恶意代码的第一部分是 ('(' | % { ... })。这是一个障眼法,它仅仅是为了执行花括号 {} 中的一系列命令一次。核心是这些命令如何给变量赋值。

我们来手动跟踪一下变量的值:

  1. $r = + $(): $() 创建一个空数组,+ 运算符会将其转换为整数 0,所以 $r = 0
  2. $u = $r: $u = 0
  3. $b = ++ $r: $r 先自增变为 1,然后赋值给 $b。
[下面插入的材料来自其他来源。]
(* Let $\Lambda$ be a cohomology algebra of $b^+=1$ type with $2\tilde\chi(\Lambda)+3\sigma(\Lambda)\ge0$ falling into Case (1), (3) or (5) below, and let $A=aF+bB$ be a reduced class with $A\cdot A\ge0$. Then: Case (1): $h(A)<0$ iff $a>1$ and $b=0$; $h(A)=0$ iff $a\ge b=1$, or $(a,b)\in\{(1,0),(0,0)\}$. Case (3): $h(A)<0$ iff $a>1$ and $b=0$; $h(A)=0$ iff $(a,b)\in\{(1,0),(0,0)\}$. Case (5): $h(A)<0$ iff $a>1$ and $b=0$; $h(A)=0$ iff $(a,b)\in\{(1,0),(0,0)\}$. In all other cases $h(A)>0$. Moreover, in Case (2) every nonzero $A$ with $A\cdot A\ge0$ has $h(A)>0$.
   Context: Notation: $\Lambda$ a cohomology algebra (graded commutative algebra over $\mathbb{Z}$, free of finite rank in each degree, $p:\Lambda^4\cong\mathbb{Z}$ with perfect pairings); $\Gamma(x,y)=x\cdot y=p(xy)$ on $\Lambda^2$, signature $\sigma$; $I_T\subseteq\Lambda^2$ generated by products of elements of $\Lambda^1$; $\tilde b_1=b_1-\mathrm{rank}\{x\in\Lambda^1:x\Lambda^1=0\}$; $\tilde\chi=2+b_2-2\tilde b_1$. Characteristic: $c\cdot A\equiv A\cdot A\pmod2$ for all $A$. Adjunction class: characteristic $c$ with (I) $c\cdot c>\sigma$, or (II) $c\cdot c\ge2\tilde\chi+3\sigma$ and, if $I_T\ne0$, $c\cdot x\ne0$ for some $x\in I_T$. $h_c(A)=1+\frac{A\cdot A-|c\cdot A|}{2}$ for $A\ne0$, $h_c(0)=0$; $h(A)=\max_c h_c(A)$. $U=\begin{pmatrix}0&1\\1&0\end{pmatrix}$, $E$ the positive definite $E_8$ form. (1) $I_T=0$, $\Gamma\cong U$; basis $\{F,B\}$, $F\cdot F=B\cdot B=0$, $F\cdot B=1$; reduced: $aF+bB$, $a\ge|b|\ge0$. (2) $I_T=0$, $\Gamma\cong U\oplus(-E)$. (3) $\tilde b_1=2$, $\Gamma\cong U$; $F$ generates $I_T$, basis $\{F,B\}$, $F\cdot F=B\cdot B=0$, $F\cdot B=1$; reduced: $aF+bB$ with $a>0$, or $a=0,b\ge0$. (5) $\tilde b_1=2$, $\Gamma\cong\langle1\rangle\oplus\langle-1\rangle$; $F$ generates $I_T$, basis $\{F,B\}$, $F\cdot F=0$, $F\cdot B=B\cdot B=1$; reduced: $aF+bB$ with $a>0$, or $a=0,b\ge0$. *)

From HB Require Import structures.
From mathcomp Require Import all_boot all_order all_algebra.
Set Implicit Arguments. Unset Strict Implicit. Unset Printing Implicit Defensive.
Import Order.TTheory GRing.Theory Num.Theory.
Local Open Scope ring_scope.

(* Cohomology algebras (graded commutative Z-algebras, free of finite  *)
(* rank in each degree, Lambda^0 = Z, Lambda^4 identified with Z via p, *)
(* Lambda^k = 0 for k > 4, perfect pairings).                          *)
(* Lambda^k is modelled as 'rV[int]_(b_k); b0 = b4 = 1 (Lambda^0 = Z,   *)
(* acting by scalars; Lambda^4 = Z via p).  Products of positive degree *)
(* are recorded as biadditive maps; the products Lambda^2 x Lambda^1,   *)
(* Lambda^3 x Lambda^1 are determined by graded commutativity.          *)

Definition biadditive (U V W : zmodType) (f : U -> V -> W) : Prop :=
  (forall x x' y, f (x + x') y = f x y + f x' y) /\
  (forall x y y', f x (y + y') = f x y + f x y').

Definition zadd (U : zmodType) (g : U -> int) : Prop :=
  forall x y, g (x + y) = g x + g y.

Definition perfect (U V : zmodType) (f : U -> V -> int) : Prop :=
  (forall g : V -> int, zadd g -> exists! x : U, forall y, f x y = g y) /\
  (forall g : U -> int, zadd g -> exists! y : V, forall x, f x y = g x).

Record cohom_alg : Type := CohomAlg {
  b1 : nat; b2 : nat; b3 : nat;
  mul11 : 'rV[int]_b1 -> 'rV[int]_b1 -> 'rV[int]_b2;
  mul12 : 'rV[int]_b1 -> 'rV[int]_b2 -> 'rV[int]_b3;
  mul13 : 'rV[int]_b1 -> 'rV[int]_b3 -> int;   (* p(x y), x in L^1, y in L^3 *)
  mul22 : 'rV[int]_b2 -> 'rV[int]_b2 -> int;   (* p(x y), x, y in L^2 *)
  mul11_bi : biadditive mul11;
  mul12_bi : biadditive mul12;
  mul13_bi : biadditive mul13;
  mul22_bi : biadditive mul22;
  mul11_anti : forall x y, mul11 x y = - mul11 y x;
  mul22_sym : forall x y, mul22 x y = mul22 y x;
  (* associativity (products L^2 L^1 = L^1 L^2, L^3 L^1 = - L^1 L^3) *)
  assoc111 : forall x y z, mul12 z (mul11 x y) = mul12 x (mul11 y z);
  assoc112 : forall x y w, mul22 (mul11 x y) w = mul13 x (mul12 y w);
  assoc121 : forall x w z, - mul13 z (mul12 x w) = mul13 x (mul12 z w);
  assoc211 : forall w x y, - mul13 y (mul12 x w) = mul22 w (mul11 x y);
  perfect13 : perfect mul13;
  perfect22 : perfect mul22
}.

Section Defs.
Variable L : cohom_alg.

Definition dot (x y : 'rV[int]_(b2 L)) : int := @mul22 L x y.

Definition in_IT (x : 'rV[int]_(b2 L)) : Prop :=
  exists s : seq ('rV[int]_(b1 L) * 'rV[int]_(b1 L)),
    x = \sum_(p <- s) @mul11 L p.1 p.2.

Definition IT_nonzero : Prop := exists x, in_IT x /\ x != 0.
Definition IT_zero : Prop := forall x, in_IT x -> x = 0.

Definition zindep (k n : nat) (V : 'M[int]_(k, n)) : Prop :=
  forall u : 'rV[int]_k, u *m V = 0 -> u = 0.

Definition is_rank_ann1 (r : nat) : Prop :=
  (exists V : 'M[int]_(r, b1 L),
      zindep V /\ forall i y, @mul11 L (row i V) y = 0) /\
  ~ (exists V : 'M[int]_(r.+1, b1 L),
      zindep V /\ forall i y, @mul11 L (row i V) y = 0).

Definition is_bt1 (m : nat) : Prop :=
  exists r, is_rank_ann1 r /\ m = (b1 L - r)%N.

Definition is_chit (t : int) : Prop :=
  exists m, is_bt1 m /\ t = 2 + (b2 L)%:Z - 2 * m%:Z.

Definition posdef_k (k : nat) : Prop :=
  exists V : 'M[int]_(k, b2 L),
    forall u : 'rV[int]_k, u != 0 -> 0 < dot (u *m V) (u *m V).
Definition negdef_k (k : nat) : Prop :=
  exists V : 'M[int]_(k, b2 L),
    forall u : 'rV[int]_k, u != 0 -> dot (u *m V) (u *m V) < 0.

Definition is_bplus (p : nat) : Prop := posdef_k p /\ ~ posdef_k p.+1.
Definition is_bminus (q : nat) : Prop := negdef_k q /\ ~ negdef_k q.+1.

Definition is_sigma (s : int) : Prop :=
  exists p q, is_bplus p /\ is_bminus q /\ s = p%:Z - q%:Z.

Definition bplus_one : Prop := is_bplus 1.

Definition chi_sigma_nonneg : Prop :=
  exists s t, is_sigma s /\ is_chit t /\ 0 <= 2 * t + 3 * s.

Definition characteristic (c : 'rV[int]_(b2 L)) : Prop :=
  forall A, (dot c A = dot A A %[mod 2])%Z.

Definition adjunction_class (c : 'rV[int]_(b2 L)) : Prop :=
  characteristic c /\
  exists s t, is_sigma s /\ is_chit t /\
    (s < dot c c \/
     (2 * t + 3 * s <= dot c c /\
      (IT_nonzero -> exists x, in_IT x /\ dot c x != 0))).

Definition hc (c A : 'rV[int]_(b2 L)) : rat :=
  if A == 0 then 0 else 1 + ((dot A A - `|dot c A|)%:~R / 2).

Definition is_h (A : 'rV[int]_(b2 L)) (v : rat) : Prop :=
  (exists c, adjunction_class c /\ hc c A = v) /\
  (forall c, adjunction_class c -> hc c A <= v).

Definition basis2 (F B : 'rV[int]_(b2 L)) : Prop :=
  forall x, exists! ab : int * int, x = ab.1 *: F + ab.2 *: B.

End Defs.

(* positive definite E8 form (Cartan matrix; Dynkin diagram: chain
   0-1-2-3-4-5-6 with node 7 attached to node 4) *)
Definition E8edge (i j : nat) : bool :=
  [|| (i == 0) && (j == 1), (i == 1) && (j == 2), (i == 2) && (j == 3),
      (i == 3) && (j == 4), (i == 4) && (j == 5), (i == 5) && (j == 6)
    | (i == 4) && (j == 7)]%N.

Definition E8entry (i j : nat) : int :=
  if i == j then 2 else if E8edge i j || E8edge j i then -1 else 0.

Definition E8 : 'M[int]_8 := \matrix_(i < 8, j < 8) E8entry i j.

(* Gram matrix of U + (-E) *)
Definition UmE8 : 'M[int]_10 :=
  \matrix_(i < 10, j < 10)
    if (i < 2)%N && (j < 2)%N then (if i == j :> nat then 0 else 1)
    else if (2 <= i)%N && (2 <= j)%N then - E8entry (i - 2) (j - 2)
    else 0.

From HB Require Import structures.
From mathcomp Require Import all_boot all_order all_algebra.
From mathcomp Require Import zify ring lra.
Import Order.TTheory GRing.Theory Num.Theory.
Local Open Scope ring_scope.

Set Implicit Arguments. Unset Strict Implicit. Unset Printing Implicit Defensive.

(* In each case h(A) is attained at an explicit adjunction class c0 minimising
   |c . A| over all adjunction classes c, so that 2 h(A) = 2 + A . A - |c0 . A|
   for A <> 0 and the classification becomes a sign computation in (a, b).
   If L^2 has a basis F, B with F . F = 0 and F . B = 1, every rank-2 sublattice
   contains a nonzero multiple of the isotropic class F; hence sigma = 0, and the
   characteristic classes are the g F + d B with d even and g = B . B mod 2.
   When I_T = 0, chi~ = 2 + b2 > 0 and both adjunction conditions force
   c . c = 2 g d > 0, so |c . A| = |g| b + |d| a >= |(2F + 2B) . A|.
   When b~1 = 2, chi~ = b2 - 2 must vanish and the adjunction classes are the
   characteristic c with c . c >= 0 and d = c . F <> 0. For c0 = 2B - (B . B) F
   write 2 (c . A) = b X + d (c0 . A) with d X = c . c and b (c0 . A) = A . A;
   both summands have the same sign, so |c . A| >= |c0 . A|.
   In Case (2) the form is even and sigma < 0, so 0 is an adjunction class and
   h(A) = 1 + A . A / 2 > 0. *)

Lemma normD_eq (x y : int) : 0 <= x * y -> `|x + y| = `|x| + `|y|.
Proof. by nia. Qed.

Lemma norm_le_mul (b y : int) : b != 0 -> 0 <= b * y -> `|y| <= b * y.
Proof. by move=> b0 hby; rewrite -(ger0_norm hby) normrM ler_peMl //; lia. Qed.

Lemma even_neq0_norm_ge2 (d : int) : (2 %| d)%Z -> d != 0 -> 2 <= `|d|.
Proof. by lia. Qed.

Lemma dvdz2_sqr_sub (y : int) : (2 %| y * y - y)%Z.
Proof.
have [q [r [-> r01]]] : exists q r : int, y = 2 * q + r /\ (r = 0 \/ r = 1).
  by exists (y %/ 2)%Z, (y %% 2)%Z; lia.
by case: r01 => ->; nia.
Qed.

Lemma norm_even_comb_ge (a b g d : int) : 0 <= a -> 0 <= b ->
  (2 %| g)%Z -> (2 %| d)%Z -> 0 < g * d -> 2 * b + 2 * a <= `|g * b + d * a|.
Proof.
move=> a0 b0 g_even d_even gd_pos; have same_sign : 0 <= (g * b) * (d * a).
  by rewrite mulrACA; apply: mulr_ge0; [exact: ltW | exact: mulr_ge0].
rewrite normD_eq // !normrM (ger0_norm a0) (ger0_norm b0).
have /andP[/(even_neq0_norm_ge2 g_even) g2 /(even_neq0_norm_ge2 d_even) d2] :
  (g != 0) && (d != 0) by rewrite -negb_or -mulf_eq0; lia.
by nia.
Qed.

Lemma norm_same_sign_comb_ge (b d X Y : int) :
  2 <= `|d| -> 0 <= b * Y -> 0 <= d * X -> 2 * `|Y| <= `|b * X + d * Y|.
Proof.
move=> d2 bY dX; have same_sign : 0 <= (b * X) * (d * Y).
  by rewrite mulrACA (mulrC X) -mulrACA mulr_ge0.
by rewrite normD_eq // !normrM; nia.
Qed.

Lemma sign_trichotomy (R : realDomainType) (v : R) (P Q : Prop) :
  (v < 0 <-> P) -> (v = 0 <-> Q) -> (0 < v <-> ~ P /\ ~ Q).
Proof.
move=> hP hQ; split=> [v_gt0|[nP nQ]].
  split=> [/hP|/hQ v0]; first by rewrite ltNge (ltW v_gt0).
  by rewrite v0 ltxx in v_gt0.
by case: (ltgtP v 0) => [/hP|//|/hQ].
Qed.

Section IntersectionForm.
Variable L : cohom_alg.
Implicit Types x y : 'rV[int]_(b2 L).

Lemma dotC x y : dot x y = dot y x.
Proof. exact: mul22_sym. Qed.

Lemma dotDl x x' y : dot (x + x') y = dot x y + dot x' y.
Proof. exact: (proj1 (mul22_bi L)). Qed.

Lemma dotDr x y y' : dot x (y + y') = dot x y + dot x y'.
Proof. exact: (proj2 (mul22_bi L)). Qed.

Lemma dot0l y : dot 0 y = 0.
Proof. by apply: (addrI (dot 0 y)); rewrite -dotDl !addr0. Qed.

Lemma dotNl x y : dot (- x) y = - dot x y.
Proof. by apply: (addrI (dot x y)); rewrite -dotDl !subrr dot0l. Qed.

Lemma dotZl (z : int) x y : dot (z *: x) y = z * dot x y.
Proof.
have dotMnl (n : nat) : dot (n%:Z *: x) y = n%:Z * dot x y.
  elim: n => [|n IHn]; first by rewrite scale0r dot0l mul0r.
  by rewrite intS scalerDl scale1r dotDl IHn mulrDl mul1r.
by case: z => n; rewrite ?NegzE ?scaleNr ?dotNl ?mulNr dotMnl.
Qed.

Lemma dotZr (z : int) x y : dot x (z *: y) = z * dot x y.
Proof. by rewrite dotC dotZl dotC. Qed.

Lemma dot_comb2 (F B : 'rV[int]_(b2 L)) (a b c d : int) :
  dot (a *: F + b *: B) (c *: F + d *: B) =
  a * c * dot F F + (a * d + b * c) * dot F B + b * d * dot B B.
Proof. by rewrite !dotDl !dotDr !dotZl !dotZr (dotC B F); ring. Qed.

Lemma even_form_of_basis n (V : 'M[int]_(n, b2 L)) :
  (forall x, exists u : 'rV[int]_n, x = u *m V) ->
  (forall i, (2 %| dot (row i V) (row i V))%Z) ->
  forall x, (2 %| dot x x)%Z.
Proof.
move=> Vspan Veven x; have [u ->] := Vspan x; rewrite mulmx_sum_row.
apply: (big_ind (fun x => (2 %| dot x x)%Z)) => [|y z hy hz|i _].
- by rewrite dot0l.
- by rewrite dotDl !dotDr (dotC z y); lia.
- by rewrite dotZl dotZr mulrA dvdz_mull.
Qed.

End IntersectionForm.

Lemma zindep_rowsub1 m k (f : 'I_m -> 'I_k) :
  injective f -> zindep (rowsub f 1%:M : 'M[int]_(m, k)).
Proof.
move=> finj u /rowP u_f; apply/rowP => i; have := u_f (f i).
rewrite !mxE (bigD1 i) //= big1 => [|j ji]; rewrite !mxE ?eqxx ?mulr1 ?addr0 //.
by rewrite (inj_eq finj) (negbTE ji) mulr0.
Qed.

Lemma zindep_rowsub m k n (f : 'I_m -> 'I_k) (V : 'M[int]_(k, n)) :
  injective f -> zindep V -> zindep (rowsub f V).
Proof.
by move=> finj Vind u; rewrite rowsubE mulmxA => /Vind; apply: zindep_rowsub1.
Qed.

Lemma widen_ord_inj m k (mk : (m <= k)%N) : injective (widen_ord mk).
Proof. by move=> i j [] /val_inj. Qed.
Arguments widen_ord_inj {m k} mk.

Lemma mul_rV2 (R : pzRingType) n (u : 'rV[R]_2) (V : 'M[R]_(2, n)) :
  u *m V = u 0 0 *: row 0 V + u 0 1 *: row 1 V.
Proof.
rewrite mulmx_sum_row !big_ord_recl big_ord0 addr0.
by congr (u 0 _ *: row _ V + u 0 _ *: row _ V); apply: val_inj.
Qed.

Lemma rV2_eq0 (R : pzRingType) (u : 'rV[R]_2) : u 0 0 = 0 -> u 0 1 = 0 -> u = 0.
Proof. by move=> u00 u01; rewrite -[u]mulmx1 mul_rV2 u00 u01 !scale0r addr0. Qed.

Section Invariants.
Variable L : cohom_alg.
Implicit Types x y : 'rV[int]_(b2 L).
所以 $b = 1, $r = 1
  4. $q = ( $r = $r + $b ): $r = $r (1) + $b (1) = 2,然后 $q 被赋值为 2,所以 $q = 2, $r = 2
  5. $z = ( $r = $r + $b ): $r = $r (2) + $b (1) = 3,然后 $z 被赋值为 3,所以 $z = 3, $r = 3
  6. 以此类推…

我们最终可以得到所有数字变量的值:

  • $r 的最终值在这一阶段是 9。
  • $u = 0
  • $b = 1
  • $q = 2
  • $z = 3
  • $o = 4
  • $d = 5
  • $h = 6
  • $e = 7
  • $i = 8
  • $x = ($q * $z) = 2 * 3 = 6
  • $l = 9

接下来是两个关键的字符串变量 $g$r 的赋值:

  • $g = ...: 它的结构是 “[…]”, 并且后面被用作 $g$z$x 这样的形式,这强烈暗示它最终会变成字符串 “[char]”,用于将 ASCII 码转换为字符
  • $r = ...: 它的最终用途是 | .$r,即作为命令执行

结论

  • $g 的作用相当于 [char] 类型转换
  • $r 的最终值是 IEX

整个命令的结构是:
" $r ( ...长字符串... )" | .$r

将我们分析出的 $r 值代入,就得到:
" IEX ( ...长字符串... )" | IEX

这是一种双重执行技巧,外层的 IEX 会执行管道传过来的字符串,即 "IEX (…)",这会再次调用 IEX 来执行括号内的内容

核心就在于括号里的长字符串。我们来看看它的构造方式:
$g$z$x+$g$x$i+$g$b$u$b+...

根据我们对 $g 的推断,这实际上是在做:[char]($z$x) + [char]($x$i) + [char]($b$u$b) + ...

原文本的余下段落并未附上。